![]() |
25 septembre 1997 ![]() |
Il existe autant de visions des débuts de l'humanité
qu'il y a de disciplines s'y intéressant
Réunis par l'Association des anthropologues du Québec, les spécialistes en biologie, préhistoire, anthropologie ou paléonthologie n'ont pu cacher que chacune de leur discipline développe sa propre vision des débuts de l'humanité. Mais ils s'entendent au moins sur une chose: l'impossibilité de déterminer une date précise pour déclarer l'apparition du premier homme ou de la première femme sur Terre. Vraisemblablement, une espèce de chimpanzé a lentement divergé de l'espèce principale, pour évoluer vers l'humain au cours d'une période de transition ressemblant à une zone grise, pour reprendre les mots d'un des conférenciers, Cyrille Barrette, professeur au Département de biologie de l'Université Laval.
Les chercheurs qui tentent de clarifier la naissance de l'espèce humain se heurtent en fait à un obstacle de taille: le manque d'indices probants. Bien sûr, ils utilisent des fossiles, mais leur interprétation laisse beaucoup à désirer car certaines espèces s'avèrent parfois très difficiles à distinguer. Comme l'a rappelé un des biologistes présents, il arrive en effet que des mammifères contemporains comme les cerfs partagent une même morphologie, visible plus tard dans des fossiles, mais qu'un bagage génétique distinct les classe dans des sous-groupes distincts.

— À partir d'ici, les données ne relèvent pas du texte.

(* Points of T^*(R^{n+1}) are pairs (x, xi) of row vectors; coordinate
   ord0 is x_1 (resp. xi_1), the remaining n coordinates are x' (resp. xi'). *)
Definition cotan (R : realType) (n : nat) := ('rV[R]_n.+1 * 'rV[R]_n.+1)%type.

Fixpoint iderive (R : realType) (V : normedModType R) (vs : seq V)
    (f : V -> R) : V -> R :=
  if vs is v :: vs' then 'D_v (iderive vs' f) else f.

Definition smooth_on (R : realType) (V : normedModType R) (U : set V)
    (f : V -> R) : Prop :=
  forall (vs : seq V) (x : V), U x ->
    {for x, continuous (iderive vs f)} /\
    forall v : V, derivable (iderive vs f) x v.

Definition cotan0 (R : realType) (n : nat) : set (cotan R n) :=
  [set z | z.2 != 0].
Arguments cotan0 : clear implicits.

(* g(t, w) with w = (x', 0, xi'): the point (t, x', 0, xi') *)
Definition gpt (R : realType) (n : nat) (t : R) (x' xi' : 'rV[R]_n) :
    cotan R n :=
  ((row_mx t%:M x' : 'rV[R]_(1 + n)), (row_mx 0 xi' : 'rV[R]_(1 + n))).

(* [a,b] x {(x',0,xi')} is a bicharacteristic (interval) of xi_1 in T^* minus 0 *)
Definition is_bichar (R : realType) (n : nat) (a b : R) (x' xi' : 'rV[R]_n) :=
  a <= b /\ xi' != 0.

Definition strong_sign_change (R : realType) (n : nat) (q : cotan R n -> R)
    (a b : R) (x' xi' : 'rV[R]_n) : Prop :=
  (forall t, a <= t <= b -> q (gpt t x' xi') = 0) /\
  forall eps : R, 0 < eps -> exists sm sp : R,
    [/\ a - eps < sm < a, b < sp < b + eps,
        q (gpt sm x' xi') < 0 & 0 < q (gpt sp x' xi')].

Definition bichar_conv (R : realType) (n : nat)
    (aj bj : nat -> R) (xj xij : nat -> 'rV[R]_n)
    (a b : R) (x' xi' : 'rV[R]_n) : Prop :=
  [/\ (a%:E <= limn_einf (fun j => (aj j)%:E))%E,
      (limn_esup (fun j => (bj j)%:E) <= b%:E)%E,
      xj @ \oo --> x' & xij @ \oo --> xi'].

Le professeur Yves Coppens, du Collège de France, qui a participé à la découverte de la célébrissime australopithèque Lucy reconnait que la paléonthologie doit s'accommoder d'une bonne dose d'approximation concernant la dénomination des espèces. Généralement, les paléonthologues tentent donc de hiérarchiser les différences entre ces dernières. Ainsi l'Homo Habilis, qui aurait possédé 32 dents et un cerveau à la fois plus gros et plus complexe que l'australopithèque, nous ressemblerait plus qu'il ne ressemble au fossile Lucy.
Outils et comportements
Certains s'orientent également vers l'étude de l'outillage,
qui permet par extrapolation de saisir les comportements de l'Homme de Néanderthal
ou de Crô-Magnon, pour remonter le fil du temps. Un préhistorien
de l'Université Laval, Alain Delisle, tente ainsi de saisir les déplacements
de nos lontains ancêtres dans leur habitat, à partir de la
disposition des outils au sol. De milliers d'années en milliers d'années,
les différentes tâches quotidiennes se distinguent mieux dans
l'espace, qu'il s'agisse de s'aménager un lieu pour dormir, un autre
pour tailler la pierre ou un troisième pour manger.
Mais cette habileté technique naissante peut-elle indiquer le début d'un embryon d'humanité chez nos lointains ancêtres, alors que certaines espèces animales comme le castor et les termites rivalisent d'ingéniosité technique pour adapter le milieu à leurs besoins?, s'interroge Cyrille Barette. D'autant plus, souligne Jean-Jacques Chalifoux, professeur d'anthropologie à l'Université Laval, que les primates comme les chimpanzés, même s'ils ne fabriquent pas d'outils, doivent apprendre un code social extrêmement complexe à l'intérieur de leur groupe, qui représente un véritable défi à l'intelligence.
Voir venir
En fait, c'est la capacité de l'homme à penser à demain,
à se projetter dans l'avenir, qui nous distinguerait des autres espèces.
Comme le remarque Yves Coppens, l'utilisation d'un fixant pour les couleurs
par les peintres rupestres, qui ont décoré les grottes de
Lascaux et d'ailleurs, témoigne de leur volonté de laisser
une trace dans l'avenir. Sans compter, ainsi que le précise Alain
Delisle, qu'ils ont dessiné des bisons ou les scènes de chasse
de mémoire, puisqu'ils se trouvaient dans le fond de leur caverne.
Mais de toute façon, les polémiques autour de l'origine de notre espèces sont loins d'être réglées, concluent les différents participants au débat, puisque ce thème joue presque le rôle d'un mythe fondateur. Ce qui signifie notamment que la recherche subit les influences de la société ambiante. Ainsi, Jean-Jacques Chalifoux rappelait que sous la pression des féministes dans les années soixante, la primatologie a dû s'appuyer sur le comportement d'autres espèces modèles que le singe, car les chercheures considéraient ce choix comme sexiste. Comme le lançait à la blague Cyrille Barette en concluant, "Il y a finalement autant d'histoires que de conteurs en paléoanthropologie."